[Dataset excerpts]
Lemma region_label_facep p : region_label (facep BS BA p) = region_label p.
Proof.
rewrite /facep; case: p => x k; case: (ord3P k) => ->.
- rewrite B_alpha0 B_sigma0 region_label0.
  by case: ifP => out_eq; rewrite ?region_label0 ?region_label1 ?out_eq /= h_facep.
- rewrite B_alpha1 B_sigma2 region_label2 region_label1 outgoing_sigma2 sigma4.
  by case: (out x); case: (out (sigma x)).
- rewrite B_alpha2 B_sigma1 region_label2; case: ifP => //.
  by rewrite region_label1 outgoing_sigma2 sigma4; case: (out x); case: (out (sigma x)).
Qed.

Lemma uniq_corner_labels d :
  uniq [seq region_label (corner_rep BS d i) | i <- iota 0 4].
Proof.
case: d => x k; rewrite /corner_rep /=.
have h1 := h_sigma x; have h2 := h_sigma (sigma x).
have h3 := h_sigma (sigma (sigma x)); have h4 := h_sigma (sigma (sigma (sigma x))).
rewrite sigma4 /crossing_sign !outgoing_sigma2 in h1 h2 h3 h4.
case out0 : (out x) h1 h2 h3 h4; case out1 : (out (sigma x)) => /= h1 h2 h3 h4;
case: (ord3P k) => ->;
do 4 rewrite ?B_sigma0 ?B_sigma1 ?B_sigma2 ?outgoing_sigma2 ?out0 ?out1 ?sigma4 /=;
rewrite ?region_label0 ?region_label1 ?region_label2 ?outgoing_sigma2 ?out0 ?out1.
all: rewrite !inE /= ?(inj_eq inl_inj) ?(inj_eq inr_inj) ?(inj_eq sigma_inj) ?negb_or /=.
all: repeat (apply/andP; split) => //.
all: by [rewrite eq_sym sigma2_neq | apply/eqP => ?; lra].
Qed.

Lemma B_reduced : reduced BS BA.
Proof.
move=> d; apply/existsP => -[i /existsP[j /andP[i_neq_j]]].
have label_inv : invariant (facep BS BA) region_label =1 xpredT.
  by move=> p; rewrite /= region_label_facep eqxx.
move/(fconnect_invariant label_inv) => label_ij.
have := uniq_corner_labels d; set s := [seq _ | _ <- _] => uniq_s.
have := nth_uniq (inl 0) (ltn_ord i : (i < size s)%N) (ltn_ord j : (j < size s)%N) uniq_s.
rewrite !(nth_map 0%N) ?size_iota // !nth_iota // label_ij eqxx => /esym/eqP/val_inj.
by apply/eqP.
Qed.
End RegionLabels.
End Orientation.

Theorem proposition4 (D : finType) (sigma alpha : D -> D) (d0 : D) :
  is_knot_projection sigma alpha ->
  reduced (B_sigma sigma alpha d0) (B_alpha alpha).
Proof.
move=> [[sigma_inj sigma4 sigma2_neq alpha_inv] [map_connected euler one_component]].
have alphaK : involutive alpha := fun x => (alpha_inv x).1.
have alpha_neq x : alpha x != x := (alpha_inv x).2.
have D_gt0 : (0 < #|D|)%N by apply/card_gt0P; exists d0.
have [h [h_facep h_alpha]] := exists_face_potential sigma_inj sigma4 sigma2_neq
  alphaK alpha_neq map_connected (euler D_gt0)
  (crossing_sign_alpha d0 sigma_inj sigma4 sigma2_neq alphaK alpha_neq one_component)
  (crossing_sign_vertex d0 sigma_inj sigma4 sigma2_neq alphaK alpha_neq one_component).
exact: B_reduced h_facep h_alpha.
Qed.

■ What the exercise asks
Give an exact copy of the lines above, from the top of the records to the line that contains "have h1 := h_sigma", taking in both ends.

■ Response box
Lemma region_label_facep p : region_label (facep BS BA p) = region_label p.
Proof.
rewrite /facep; case: p => x k; case: (ord3P k) => ->.
- rewrite B_alpha0 B_sigma0 region_label0.
  by case: ifP => out_eq; rewrite ?region_label0 ?region_label1 ?out_eq /= h_facep.
- rewrite B_alpha1 B_sigma2 region_label2 region_label1 outgoing_sigma2 sigma4.
  by case: (out x); case: (out (sigma x)).
- rewrite B_alpha2 B_sigma1 region_label2; case: ifP => //.
  by rewrite region_label1 outgoing_sigma2 sigma4; case: (out x); case: (out (sigma x)).
Qed.

Lemma uniq_corner_labels d :
  uniq [seq region_label (corner_rep BS d i) | i <- iota 0 4].
Proof.
case: d => x k; rewrite /corner_rep /=.
have h1 := h_sigma x; have h2 := h_sigma (sigma x).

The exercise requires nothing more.